Collected data:

▼

(* translate the ball to the origin using the difference of two approximations *)
Lemma image_ball_adherent_at0 N z0 r :
  (forall z, hdist z z0 < r -> adherent (image_ball N) z) ->
  forall z, hnorm z < r -> adherent (image_ball (2 * N)) z.
Proof.
  intros Hball z Hz eps He.
  destruct (Hball (vadd z0 z)) with (eps := eps / 2) as [w1 [[y1 [D1 [N1 <-]]] E1]].
  { unfold hdist. rewrite addvKl. exact Hz. } { lra. }
  destruct (Hball z0) with (eps := eps / 2) as [w2 [[y2 [D2 [N2 <-]]] E2]].
  { rewrite hdistvv. pose proof (hnorm_ge0 z). lra. } { lra. }
  destruct (linB L Llin y1 y2 D1 D2) as [D3 E3].
  exists (app L (hsub y1 y2)). split.
  - exists (hsub y1 y2). split; [exact D3 |]. split; [| reflexivity].
    pose proof (hnorm_sub_le y1 y2). lra.
  - rewrite E3. unfold hdist in *. rewrite (hsub_recentre z0).
    pose proof (hnorm_sub_le (hsub (vadd z0 z) (app L y1)) (hsub z0 (app L y2))). lra.
Qed.

Lemma image_ball_adherent_scaled N r : 0 < r ->
  (forall z, hnorm z < r -> adherent (image_ball N) z) ->
  forall z, adherent (image_ball (2 * N / r * hnorm z)) z.
Proof.
  intros Hr Hball z eps He.
  destruct (Req_dec (hnorm z) 0) as [Z | Z].
  { apply hnorm_eq0 in Z as ->. exists vzero. split.
    - exists vzero. split; [apply lin_dom0, Llin |]. rewrite (@hnorm0 H), (@hnorm0 K), lin0 by exact Llin.
      split; [lra | reflexivity].
    - rewrite hdistvv. lra. }
  pose proof (hnorm_ge0 z).
  (* rescale [z] into the ball of radius [r], approximate, and scale back *)
  set (s := r / (2 * hnorm z)). assert (Hs : 0 < s) by (apply Rdiv_lt_0_compat; lra).
  destruct (Hball (vscal (RtoC s) z)) with (eps := s * eps) as [w [[y [Dy [Ny <-]]] Ey]].
  { rewrite hnormZ_real, Rabs_right by lra. unfold s. field_simplify; lra. }
  { nra. }
  assert (Hsinv : 0 < / s) by (apply Rinv_0_lt_compat; lra).
  destruct (linZ L Llin (RtoC (/ s)) y Dy) as [Dy' Ey'].
  exists (app L (vscal (RtoC (/ s)) y)). split.
  - exists (vscal (RtoC (/ s)) y). split; [exact Dy' |]. split; [| reflexivity].
    rewrite hnormZ_real, Rabs_right by lra.
    replace (2 * N / r * hnorm z) with (/ s * N) by (unfold s; field; lra).
    apply Rmult_le_compat_l; lra.
  - assert (Hz : z = vscal (RtoC (/ s)) (vscal (RtoC s) z)).
    { rewrite vscalA, <- (vscal1 _ z) at 1. f_equal. apply C_ext; simpl; field; lra. }
    rewrite Ey', Hz at 1. unfold hdist in *. rewrite <- hsubZ, hnormZ_real, Rabs_right by lra.
    apply Rmult_lt_compat_l with (r := / s) in Ey; [| exact Hsinv].
    replace (/ s * (s * eps)) with eps in Ey by (field; lra). exact Ey.
Qed.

▲

What is the number of lines in the entries above that contain the string "rewrite"? Reply with the number and nothing more.

9